• [WHAT TO PRODUCE]:
Take the line that contains "apply: prime_chain_extend hC" as the first line and the last line of the records as the end. Please set down everything in that range exactly.

════════

(* Subtracting from [f] an element of [I] with the same leading coefficient
   lowers the degree, so equal leading-coefficient ideals force [I' = I]. *)
Lemma sub_ideal_lead I I' : is_ideal I -> is_ideal I' -> sub_ideal I I' ->
  (forall d, sub_ideal (lead_ideal I' d) (lead_ideal I d)) -> sub_ideal I' I.
Proof.
move=> hI hI' hII' hlead f; move: {2}(size f) (leqnn (size f)) => s.
elim: s f => [|s IH] f sf hf.
  by move: sf; rewrite leqn0 size_poly_eq0 => /eqP ->; apply: is_ideal0.
have [->|nz] := eqVneq f 0; first exact: is_ideal0.
have sfE : size f = (size f).-1.+1 by rewrite prednK // size_poly_gt0.
move: (size f).-1 sfE => d sfE.
have [g [hg sg gd]] : lead_ideal I d f`_d by apply: hlead; exists f; rewrite sfE.
rewrite -(subrK g f); apply: is_idealD => //; apply: IH; last first.
  by apply: is_idealB => //; apply: hII'.
apply: (@leq_trans d); last by rewrite -ltnS -sfE.
apply/leq_sizeP => j hj; rewrite coefB.
have [<-|ne] := eqVneq d j; first by rewrite gd subrr.
have hdj : (d < j)%N by rewrite ltn_neqAle ne hj.
by rewrite !nth_default ?subrr // ?sfE // (leq_trans sg).
Qed.

Lemma noetherian_stable_below (L : nat -> nat -> A -> Prop) : noetherian A ->
  (forall k d, is_ideal (L k d)) -> (forall k d, sub_ideal (L k d) (L k.+1 d)) ->
  forall m N0, exists2 N, (N0 <= N)%N &
    forall d k, (d < m)%N -> (N <= k)%N -> sub_ideal (L k d) (L N d).
Proof.
move=> hN hL hinc; elim=> [|m IH] N0; first by exists N0.
have [N hN0 hNstable] := IH N0.
have [Nm hNm] := hN (L^~ m) (hL^~ m) (hinc^~ m).
have mono d := sub_ideal_chain (hinc^~ d).
exists (maxn N Nm) => [|d k]; first by rewrite leq_max hN0.
rewrite ltnS leq_eqVlt => /orP [/eqP ->|hd] hk x.
  by move=> /(hNm k (leq_trans (leq_maxr _ _) hk)); apply: mono; apply: leq_maxr.
by move=> /(hNstable d k hd (leq_trans (leq_maxl _ _) hk)); apply: mono; apply: leq_maxl.
Qed.

(* The leading-coefficient ideals [L k d] of a chain [I k] stabilise
   uniformly: along the diagonal for [d >= N0], and below it for [d < N0]. *)
Lemma noetherian_poly : noetherian A -> noetherian {poly A}.
Proof.
move=> hN I hI hinc.
pose L k d := lead_ideal (I k) d.
have hL k d : is_ideal (L k d) by apply: is_ideal_lead.
have L_incr k d : sub_ideal (L k d) (L k.+1 d) := lead_idealS (hinc k).
have L_incr_deg k d : sub_ideal (L k d) (L k d.+1) := lead_idealSd (hI k).
have L_mono k k' d e : (k <= k')%N -> (d <= e)%N -> sub_ideal (L k d) (L k' e).
  move=> hk hd x /(sub_ideal_chain (L_incr^~ d) hk).
  exact: sub_ideal_chain (L_incr_deg k') hd x.
have [N0 hN0] := hN (fun k => L k k) (fun k => hL k k)
  (fun k => L_mono _ _ _ _ (leqnSn k) (leqnSn k)).
have [N hN0N hlow] :=
  noetherian_stable_below hN hL (fun k d => L_mono _ _ _ _ (leqnSn k) (leqnn d)) N0 N0.
exists N => k hk; apply: sub_ideal_lead => //; first exact: sub_ideal_chain.
move=> d; have [hd|hd] := ltnP d N0; first exact: hlow.
move=> x /(L_mono k (maxn k d) d (maxn k d) (leq_maxl _ _) (leq_maxr _ _)).
move=> /(hN0 _ (leq_trans (leq_trans hN0N hk) (leq_maxl _ _))).
exact: L_mono.
Qed.

End HilbertBasis.

Section MpolyNoetherian.
Variable R : comNzRingType.

Lemma mpoly_ring_ind m (P : {mpoly R[m]} -> Prop) :
  (forall c, P c%:MP) -> (forall i, P 'X_i) ->
  (forall p q, P p -> P q -> P (p + q)) -> (forall p q, P p -> P q -> P (p * q)) ->
  forall p, P p.
Proof.
move=> hC hX hD hM p; rewrite (mpolyE p).
apply: (big_ind P); [by rewrite -mpolyC0 | exact: hD | move=> mm _].
rewrite -mul_mpolyC; apply: (hM) => //; rewrite mpolyXE_id.
apply: (big_ind P); [by rewrite -mpolyC1 | exact: hM | move=> i _].
by elim: (mm i) => [|k IH]; rewrite ?expr0 -?mpolyC1 // exprS; apply: (hM).
Qed.

Definition mpoly_of_poly m : {rmorphism {poly {mpoly R[m]}} -> {mpoly R[m.+1]}} :=
  horner_eval ('X_ord_max : {mpoly R[m.+1]}) \o map_poly (@mwiden m R).

Lemma mpoly_of_poly_surj m : forall p : {mpoly R[m.+1]}, exists q, mpoly_of_poly m q = p.
Proof.
apply: mpoly_ring_ind.
- move=> c; exists (c%:MP)%:P.
  by rewrite /= map_polyC /= horner_evalE hornerC mwidenC.
- move=> i; have [hi|hi] := ltnP i m.
    exists ('X_(Ordinal hi))%:P; rewrite /= map_polyC /= horner_evalE hornerC.
    by rewrite mwidenX mnmwiden1; congr 'X_[U_(_)]; apply: val_inj.
  exists 'X; rewrite /= map_polyX horner_evalE hornerX.
  congr (mpolyX _ U_(_)); apply: val_inj => /=.
  by apply/eqP; rewrite eqn_leq hi -ltnS ltn_ord.
- by move=> p q [x <-] [y <-]; exists (x + y); rewrite rmorphD.
- by move=> p q [x <-] [y <-]; exists (x * y); rewrite rmorphM.
Qed.

Lemma noetherian_mpoly m : noetherian R -> noetherian {mpoly R[m]}.
Proof.
move=> hN; elim: m => [|m IH].
  apply: (noetherian_surj (f := @mpolyC 0 R)) hN => p.
  by exists p@_0%MM; rewrite [RHS]nvar0_mpolyC.
exact: noetherian_surj (@mpoly_of_poly_surj m) (noetherian_poly IH).
Qed.

End MpolyNoetherian.

Section LinearSections.
Variables (R : comNzRingType) (n : nat).
Implicit Types (J P : {mpoly R[n]} -> Prop) (r : nat -> R).

Lemma is_ideal_add_lin J l r : is_ideal J -> is_ideal (add_lin_ideal l J r).
Proof.
move=> hJ; split.
  exists 0, (fun _ => 0); split; first exact: is_ideal0.
  by rewrite big1 ?addr0 // => i _; rewrite mul0r.
split=> [x y [j [c [hj ->]]] [j' [c' [hj' ->]]]|a x [j [c [hj ->]]]].
  exists (j + j'), (fun i => c i + c' i); split; first exact: is_idealD.
  by rewrite addrACA -big_split /=; congr (_ + _); apply: eq_bigr => i _; rewrite mulrDl.
exists (a * j), (fun i => a * c i); split; first exact: is_idealMl.
by rewrite mulrDr mulr_sumr; congr (_ + _); apply: eq_bigr => i _; rewrite mulrA.
Qed.

Lemma sub_add_lin_ideal J l r : sub_ideal J (add_lin_ideal l J r).
Proof.
move=> j hj; exists j, (fun _ => 0); split=> //.
by rewrite big1 ?addr0 // => i _; rewrite mul0r.
Qed.

Lemma add_lin_idealS J l r c :
  sub_ideal (add_lin_ideal l J r) (add_lin_ideal l.+1 J [eta r with l |-> c]).
Proof.
move=> x [j [cs [hj ->]]]; exists j, (fun i : 'I_n => if (i < l)%N then cs i else 0).
split=> //; congr (_ + _); rewrite big_mkcond [RHS]big_mkcond; apply: eq_bigr => i _ /=.
have [hi|hi] := ltnP i l; first by rewrite ltnW // (ltn_eqF hi).
by rewrite mul0r; case: ifP.
Qed.

Lemma add_lin_ideal_X J l r c (hl : (l < n)%N) : is_ideal J ->
  add_lin_ideal l.+1 J [eta r with l |-> c] ('X_(Ordinal hl) - c%:MP).
Proof.
move=> hJ; exists 0, (fun i : 'I_n => (i == Ordinal hl)%:R); split; first exact: is_ideal0.
rewrite add0r (bigD1 (Ordinal hl)) //= eqxx eqxx mul1r big1 ?addr0 // => i /andP [_].
by move=> /negbTE ->; rewrite mul0r.
Qed.

Hypothesis noethR : noetherian R.

(* If [P] contains some [x_i - b], then [x_i - c] in [P] forces [c - b] into
   the contraction of [P] to [R], hence into a maximal ideal [M] above it. *)
Lemma lin_root_constraint P (i : 'I_n) : is_ideal P -> ~ P 1 ->
  exists M b, maximal_ideal M /\ forall c, ~ M (c - b) -> ~ P ('X_i - c%:MP).
Proof.
move=> hP hP1; case: (classic (exists b, P ('X_i - b%:MP))) => [[b hb]|nroot].
  have hq : is_ideal (fun a => P a%:MP) := is_ideal_preim (@mpolyC n R) hP.
  have hq1 : ~ P 1%:MP by rewrite mpolyC1.
  have [M [hM hqM]] := ideal_sub_maximal noethR hq hq1.
  exists M, b; split=> // c nMc hc; apply/nMc/hqM.
  have -> : (c - b)%:MP = ('X_i - b%:MP) - ('X_i - c%:MP) by rewrite mpolyCB; ring.
  exact: is_idealB.
have h0 : is_ideal (fun a : R => a = 0).
  split=> //; split=> [x y -> ->|a x ->]; [exact: addr0 | exact: mulr0].
have [M [hM _]] := ideal_sub_maximal noethR h0 (elimN eqP (@oner_neq0 R)).
by exists M, 0; split=> // c _ hc; apply: nroot; exists c.
Qed.

Lemma lin_roots_constraints (Ps : seq ({mpoly R[n]} -> Prop)) (i : 'I_n) :
  (forall P, List.In P Ps -> is_ideal P /\ ~ P 1) ->
  exists k (M : nat -> R -> Prop) (b : nat -> R),
    (forall j, (j < k)%N -> maximal_ideal (M j)) /\
    forall c, (forall j, (j < k)%N -> ~ M j (c - b j)) ->
      forall P, List.In P Ps -> ~ P ('X_i - c%:MP).
Proof.
elim: Ps => [|P Ps IH] hPs; first by exists 0, (fun _ _ => False), (fun _ => 0).
have [k [M [b [hM hMb]]]] := IH (fun Q hQ => hPs Q (or_intror hQ)).
have [hP hP1] := hPs P (or_introl erefl).
have [M0 [b0 [hM0 hM0b]]] := lin_root_constraint i hP hP1.
exists k.+1, (fun j => if j is j'.+1 then M j' else M0),
  (fun j => if j is j'.+1 then b j' else b0).
split=> [[|j]|c hc Q [<-|hQ]] //=; first exact: hM.
  exact: hM0b (hc 0%N isT).
by apply: hMb => // j hj; apply: (hc j.+1).
Qed.

End LinearSections.

Lemma height_ge_add_lin_succ (R : comNzRingType) (n : nat) (J : {mpoly R[n]} -> Prop)
    (l : nat) (r : nat -> R) (h : nat) (hl : (l < n)%N) :
  noetherian R -> (forall M : R -> Prop, maximal_ideal M -> infinite_residue M) ->
  is_ideal J -> height_ge (add_lin_ideal l J r) h ->
  exists c, height_ge (add_lin_ideal l.+1 J [eta r with l |-> c]) h.+1.
Proof.
move=> hN hinf hJ hH.
have [Ps [hPs covPs]] :=
  exists_prime_cover (@noetherian_mpoly R n hN) (is_ideal_add_lin l r hJ).
have hPs_proper P : List.In P Ps -> is_ideal P /\ ~ P 1.
  by move=> /hPs [[hP [hP1 _]] _].
have [k [M [b [hM hMb]]]] := lin_roots_constraints hN (Ordinal hl) hPs_proper.
have [c hc] := infinite_residue_avoid b hM (fun j hj => hinf _ (hM j hj)).
exists c => Q hQ hIQ.
have [P [hP hPQ]] := covPs Q hQ (fun x hx => hIQ x (add_lin_idealS c hx)).
have [hPp hIP] := hPs P hP.
have [C [hC hCP]] := hH P hPp hIP.
exists (fun i => if (i <= h)%N then C i else Q); split; last by move=> x; rewrite ltnn.
apply: prime_chain_extend hC hQ _ (hIQ _ (add_lin_ideal_X r c hl hJ)) _.
  by move=> x /hCP /hPQ.
by move=> /hCP; apply: hMb hc P hP.
Qed.

Theorem lemma2p4 (R : comRingType) (d n : nat) (J : {mpoly R[n]} -> Prop) :
  noetherian R -> krull_dim R d ->
  (forall M : R -> Prop, maximal_ideal M -> infinite_residue M) ->
  is_ideal J -> height_ge J d.+1 ->
  forall l : nat, (l <= n)%N ->
  exists r : nat -> R,
    add_lin_ideal l J r 1 \/ height_ge (add_lin_ideal l J r) (d + l).+1.
Proof.
move=> hN _ hinf hJ hH l hl.
suff [r hr] : exists r, height_ge (add_lin_ideal l J r) (d + l).+1 by exists r; right.
elim: l hl => [|l IH] hl.
  exists (fun _ => 0); rewrite addn0 => Q hQ hIQ.
  by apply: hH => // x hx; apply/hIQ/sub_add_lin_ideal.
have [r hr] := IH (ltnW hl).
have [c hc] := height_ge_add_lin_succ hl hN hinf hJ hr.
by exists [eta r with l |-> c]; rewrite addnS.
Qed.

════════

• [EXERCISE OUTPUT]:
apply: prime_chain_extend hC hQ _ (hIQ _ (add_lin_ideal_X r c hl hJ)) _.
  by move=> x /hCP /hPQ.
by move=> /hCP; apply: hMb hc P hP.
Qed.

Theorem lemma2p4 (R : comRingType) (d n : nat) (J : {mpoly R[n]} -> Prop) :
  noetherian R -> krull_dim R d ->
  (forall M : R -> Prop, maximal_ideal M -> infinite_residue M) ->
  is_ideal J -> height_ge J d.+1 ->
  forall l : nat, (l <= n)%N ->
  exists r : nat -> R,
    add_lin_ideal l J r 1 \/ height_ge (add_lin_ideal l J r) (d + l).+1.
Proof.
move=> hN _ hinf hJ hH l hl.
suff [r hr] : exists r, height_ge (add_lin_ideal l J r) (d + l).+1 by exists r; right.
elim: l hl => [|l IH] hl.
  exists (fun _ => 0); rewrite addn0 => Q hQ hIQ.
  by apply: hH => // x hx; apply/hIQ/sub_add_lin_ideal.
have [r hr] := IH (ltnW hl).
have [c hc] := height_ge_add_lin_succ hl hN hinf hJ hr.
by exists [eta r with l |-> c]; rewrite addnS.
Qed.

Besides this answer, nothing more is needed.